Really it would just be taking fluff off high level monsters and sticking it on low level monsters, and doing the reverse as well. Figure at around level 12 you could use stuff without the stat swaps.

Eldan
2019-09-25, 01:26 AM
Reminds me of a video game suggestion Yahtzee Croshaw (of Zero Punctuation) once made, where you play an aging hero, who, every level, would lose an ability. To be balanced by player skill.

Satinavian
2019-09-25, 02:59 AM
I have played with the idea but never got it to work.

The main problems are :

- The most impactful decisions are made at the begin of the campaign when characters can change the world the most. That is bad for pacing and bad for your own planning.

- It easily becomes a game of "storing power" where players prepare stashes of things that are far more useful for low level characters but easy to make at high level.

Rynjin
2019-09-25, 03:10 AM
Reminds me of a video game suggestion Yahtzee Croshaw (of Zero Punctuation) once made, where you play an aging hero, who, every level, would lose an ability. To be balanced by player skill.

This game sort of exists, actually. Sinner: Sacrifice for Redemption (https://store.steampowered.com/app/691280/SINNER_Sacrifice_for_Redemption/).
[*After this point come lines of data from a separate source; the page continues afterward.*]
(* Let $H$ be a complex Hilbert space and $\mathcal S(H)$ the set of bounded self-adjoint operators on $H$ with the logical order $\preceq$. If $A,B,C \in \mathcal S(H)$ and $A \preceq C$, $B \preceq C$, then the meet $A \curlywedge B$ and the join $A \curlyvee B$ of $A$ and $B$ in $(\mathcal S(H),\preceq)$ exist, and \[ A \curlywedge B = C(P_A \wedge P_B), \qquad A \curlyvee B = C(P_A \vee P_B). \]
   Context: For $A \in \mathcal S(H)$, $P_A$ denotes the orthogonal projection onto the closure of the range of $A$; $\wedge$ and $\vee$ denote meet and join in the lattice of orthogonal projections (ordered by $P_1 \le P_2$ iff $P_1P_2 = P_1$). The logical order: $A \preceq B$ iff $B = A + D$ for some $D \in \mathcal S(H)$ with $AD = O$; equivalently $A = BP_A$. Juxtaposition denotes operator composition. *)

From Stdlib Require Import ClassicalEpsilon.
From mathcomp Require Import all_boot all_algebra complex.
From mathcomp Require Import boolp classical_sets reals topology normedtype.
Import GRing.Theory Num.Theory.
Set Implicit Arguments. Unset Strict Implicit. Unset Printing Implicit Defensive.
Local Open Scope ring_scope.
Local Open Scope classical_set_scope.

Definition hilbert_inner (R : realType) (H : completeNormedModType R[i])
    (ip : H -> H -> R[i]) : Prop :=
  [/\ (forall (a : R[i]) (x y z : H), ip (a *: x + y) z = a * ip x z + ip y z),
      (forall x y : H, ip y x = (ip x y)^*) &
      (forall x : H, ip x x = `|x| ^+ 2)].

(* Bounded (= continuous) linear operators on H; composition is \o. *)
Definition bounded_op (R : realType) (H : completeNormedModType R[i])
    (A : H -> H) : Prop :=
  (forall (a : R[i]) (x y : H), A (a *: x + y) = a *: A x + A y) /\ continuous A.

Definition selfadj (R : realType) (H : completeNormedModType R[i])
    (ip : H -> H -> R[i]) (A : H -> H) : Prop :=
  bounded_op A /\ (forall x y : H, ip (A x) y = ip x (A y)).

Definition zero_op (R : realType) (H : completeNormedModType R[i]) : H -> H :=
  fun _ => 0.

Definition add_op (R : realType) (H : completeNormedModType R[i])
    (A B : H -> H) : H -> H := fun x => A x + B x.

Definition logical_le (R : realType) (H : completeNormedModType R[i])
    (ip : H -> H -> R[i]) (A B : H -> H) : Prop :=
  exists D : H -> H, [/\ selfadj ip D, A \o D = @zero_op R H & B = add_op A D].

Definition orth_proj (R : realType) (H : completeNormedModType R[i])
    (ip : H -> H -> R[i]) (P : H -> H) : Prop :=
  selfadj ip P /\ P \o P = P.

Definition proj_le (R : realType) (H : completeNormedModType R[i])
    (P Q : H -> H) : Prop := P \o Q = P.

Definition range_proj (R : realType) (H : completeNormedModType R[i])
    (ip : H -> H -> R[i]) (A : H -> H) : H -> H :=
  epsilon (inhabits (fun x : H => x))
    (fun P => orth_proj ip P /\ range P = closure (range A)).

Definition proj_meet (R : realType) (H : completeNormedModType R[i])
    (ip : H -> H -> R[i]) (P Q : H -> H) : H -> H :=
  epsilon (inhabits (fun x : H => x))
    (fun M => [/\ orth_proj ip M, proj_le M P, proj_le M Q &
       forall N, orth_proj ip N -> proj_le N P -> proj_le N Q -> proj_le N M]).

Definition proj_join (R : realType) (H : completeNormedModType R[i])
    (ip : H -> H -> R[i]) (P Q : H -> H) : H -> H :=
  epsilon (inhabits (fun x : H => x))
    (fun J => [/\ orth_proj ip J, proj_le P J, proj_le Q J &
       forall N, orth_proj ip N -> proj_le P N -> proj_le Q N -> proj_le J N]).

Definition is_meet_S (R : realType) (H : completeNormedModType R[i])
    (ip : H -> H -> R[i]) (A B X : H -> H) : Prop :=
  [/\ selfadj ip X, logical_le ip X A, logical_le ip X B &
      forall Y, selfadj ip Y -> logical_le ip Y A -> logical_le ip Y B ->
        logical_le ip Y X].

Definition is_join_S (R : realType) (H : completeNormedModType R[i])
    (ip : H -> H -> R[i]) (A B X : H -> H) : Prop :=
  [/\ selfadj ip X, logical_le ip A X, logical_le ip B X &
      forall Y, selfadj ip Y -> logical_le ip A Y -> logical_le ip B Y ->
        logical_le ip X Y].

(* Two facts about the logical order drive the proof: if [Y ≼ Z] then [Z] commutes
   with [P_Y] and [Y = Z P_Y]; conversely [X P ≼ X] whenever the projection [P]
   commutes with [X].  Since [A = C P_A] and [B = C P_B], the operator [C] commutes
   with [P_A] and [P_B], hence with their meet [M] and join [J].  Then
   [C M = A M ≼ A] (likewise for [B]), and a common lower bound [Y] has [P_Y ≤ M],
   so [Y = (C M) P_Y ≼ C M].  Dually [A = (C J) P_A ≼ C J], and a common upper
   bound [Y] agrees with [C] on the ranges of [P_A] and [P_B], hence on that of [J],
   so [C J = Y J ≼ Y].  The projections [P_A], [M], [J] exist by the Hilbert
   projection theorem, proved with a minimising sequence and the parallelogram law. *)

From mathcomp Require Import all_boot all_algebra complex.
From mathcomp Require Import boolp classical_sets reals topology normedtype.
From Stdlib Require Import ClassicalEpsilon.
From mathcomp Require Import order interval_inference ring lra.
Import Order.TTheory GRing.Theory Num.Theory.
Set Implicit Arguments.
Unset Strict Implicit.
Local Open Scope ring_scope.
Local Open Scope classical_set_scope.

Lemma comp_eq_app (T U V : Type) (f : U -> V) (g : T -> U) (h : T -> V) :
  f \o g = h -> forall x, f (g x) = h x.
Proof. by move=> <-. Qed.

Section HilbertSpace.
Variables (R : realType) (H : completeNormedModType R[i]) (ip : H -> H -> R[i]).
Hypothesis hH : hilbert_inner ip.

Local Notation "r %:C" := (real_complex R r) : ring_scope.
Local Notation Re := (@complex.Re R).
Local Notation Im := (@complex.Im R).

(** * Inner product and real norm *)

Lemma ipDZl a x y z : ip (a *: x + y) z = a * ip x z + ip y z.
Proof. by case: hH. Qed.

Lemma ip_conj x y : ip y x = (ip x y)^*.
Proof. by case: hH. Qed.

Lemma ip_norm x : ip x x = `|x| ^+ 2.
Proof. by case: hH. Qed.

Lemma ip0l z : ip 0 z = 0.
Proof.
have /eqP := ipDZl 1 0 0 z.
by rewrite scale1r addr0 mul1r addrC -subr_eq subrr eq_sym => /eqP.
Qed.

Lemma ipDl x y z : ip (x + y) z = ip x z + ip y z.
Proof. by have := ipDZl 1 x y z; rewrite scale1r mul1r. Qed.

Lemma ipZl a x z : ip (a *: x) z = a * ip x z.
Proof. by have := ipDZl a x 0 z; rewrite !addr0 ip0l addr0. Qed.

Lemma ipNl x z : ip (- x) z = - ip x z.
Proof. by rewrite -scaleN1r ipZl mulN1r. Qed.

Lemma ipBl x y z : ip (x - y) z = ip x z - ip y z.
Proof. by rewrite ipDl ipNl. Qed.

Lemma ip0r z : ip z 0 = 0.
Proof. by rewrite ip_conj ip0l rmorph0. Qed.

Lemma ipDr x y z : ip x (y + z) = ip x y + ip x z.
Proof. by rewrite [LHS]ip_conj ipDl rmorphD !(ip_conj ^~ x). Qed.

Lemma ipZr a x y : ip x (a *: y) = a^* * ip x y.
Proof. by rewrite [LHS]ip_conj ipZl rmorphM (ip_conj ^~ x). Qed.

Lemma ipNr x z : ip z (- x) = - ip z x.
Proof. by rewrite [LHS]ip_conj ipNl rmorphN (ip_conj ^~ z). Qed.

Lemma ipBr x y z : ip z (x - y) = ip z x - ip z y.
Proof. by rewrite ipDr ipNr. Qed.

Lemma ip_self_eq0 x : ip x x = 0 -> x = 0.
Proof. by rewrite ip_norm => /eqP; rewrite expf_eq0 /= normr_eq0 => /eqP. Qed.

Lemma ip_injl x x' : (forall y, ip x y = ip x' y) -> x = x'.
Proof.
by move=> h; apply/eqP; rewrite -subr_eq0; apply/eqP/ip_self_eq0; rewrite ipBl h subrr.
Qed.

(* The norm of [H] takes values in [R[i]]; inequalities are handled through its real part. *)
Definition rnorm (x : H) : R := Re `|x|.

Lemma ge0_real (c : R[i]) : 0 <= c -> c = (Re c)%:C.
Proof. by case: c => a b; rewrite lecE /= => /andP[/eqP -> _]. Qed.

Lemma rnormE x : `|x| = (rnorm x)%:C.
Proof. exact/ge0_real/normr_ge0. Qed.

Lemma rnorm_ge0 x : 0 <= rnorm x.
Proof. by have := normr_ge0 x; rewrite rnormE lecR. Qed.

Lemma rnormD x y : rnorm (x + y) <= rnorm x + rnorm y.
Proof. by have := ler_normD x y; rewrite !rnormE -rmorphD lecR. Qed.

Lemma rnormN x : rnorm (- x) = rnorm x.
Proof. by rewrite /rnorm normrN. Qed.

Lemma rnorm0 : rnorm 0 = 0.
Proof. by rewrite /rnorm normr0. Qed.

Lemma ip_selfE x : ip x x = (rnorm x ^+ 2)%:C.
Proof. by rewrite ip_norm rnormE rmorphXn. Qed.

Lemma sqr_rnorm x : rnorm x ^+ 2 = Re (ip x x).
Proof. by rewrite ip_selfE. Qed.

Lemma ReD (x y : R[i]) : Re (x + y) = Re x + Re y.
Proof. by case: x; case: y. Qed.

Lemma ReB (x y : R[i]) : Re (x - y) = Re x - Re y.
Proof. by case: x; case: y. Qed.

Lemma ReM (x y : R[i]) : Re (x * y) = Re x * Re y - Im x * Im y.
Proof. by case: x; case: y. Qed.

Lemma Re_conj (x : R[i]) : Re x^* = Re x.
Proof. by case: x. Qed.

Lemma parallelogram u v :
  rnorm (u + v) ^+ 2 + rnorm (u - v) ^+ 2 = 2 * rnorm u ^+ 2 + 2 * rnorm v ^+ 2.
Proof.
rewrite !sqr_rnorm -ReD.
have -> : ip (u + v) (u + v) + ip (u - v) (u - v) = ip u u + ip u u + (ip v v + ip v v).
  by rewrite ?ipDl ?ipDr ?ipNl ?ipNr; ring.
by rewrite !ReD; ring.
Qed.

Lemma sqr_rnorm_subZ z y (t : R) :
  rnorm (z - t%:C *: y) ^+ 2 = rnorm z ^+ 2 - 2 * t * Re (ip z y) + t ^+ 2 * rnorm y ^+ 2.
Proof.
have conj_t : (t%:C)^* = t%:C by exact: conjc_real.
rewrite !sqr_rnorm ipBl !ipBr !ipZl !ipZr conj_t (ip_conj y z).
by rewrite !ReB !(ReM t%:C) /= Re_conj; ring.
Qed.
A lot of people didn't like it.

BWR
2019-09-25, 03:56 AM
Sounds like the "Path of the Polymath" where the character (which was assumed to be a fighter) had to restart at level 1 with no memories and advance to 12th? three times (cleric, magic-user and thief) before suddenly becoming level 36 in all classes with full memories before progressing on to be an immortal.


Almost.
The Spheres may favor certain classes but are open to all. You need to have three reincarnations where you start with no memories and quest for a certain artifact in a class you haven't experienced yet advancing to a minimum of 12th level. You need to do this with a party consisting of at least one each of Fighter, Magic-user, Cleric and Thief (or equivalent race). Once this is done you have to create a 100' tall monument to your glory and have it last 10 years.

Finally, you are reincarnated again and have to go on a solo quest to at least 12th level where you gain all abilities from all classes you have learned along the way...as well as having to pay full XP for all classes in order to advance.


My group has two Polymaths, a Paragon and a Dynast. I was hoping one would choose Epic Hero so we could have the complete set. One of the Polymaths was almost tricked into becoming an Entropy Immortal.
And once all these PCs have (hopefully) become Immortal, the next campaign will have PCs who are worshippers of the new gods.

Alhallor
2019-09-25, 09:19 AM
I played in an adventure that was kinda like that...

We played some really powerful characters in the beginning and then something happened and we played different charakters that were really weak but had all one artifact from the other powerful charakters and needed to find out what happened to our original Charakters. But the weaker ones progressed normally after that.

Grod_The_Giant
2019-09-27, 02:25 PM
I think some of the World of Darkness games work like that. Mummy: The Cursed and Prometheus: The Created, iirc.

LibraryOgre
2019-09-27, 04:13 PM
I can't believe I forgot the Reformed Demon OCC from Ninjas and Superspies: Mystic China. You get less powerful as you level up, and if you ever reach level 10, you reincarnate as a person.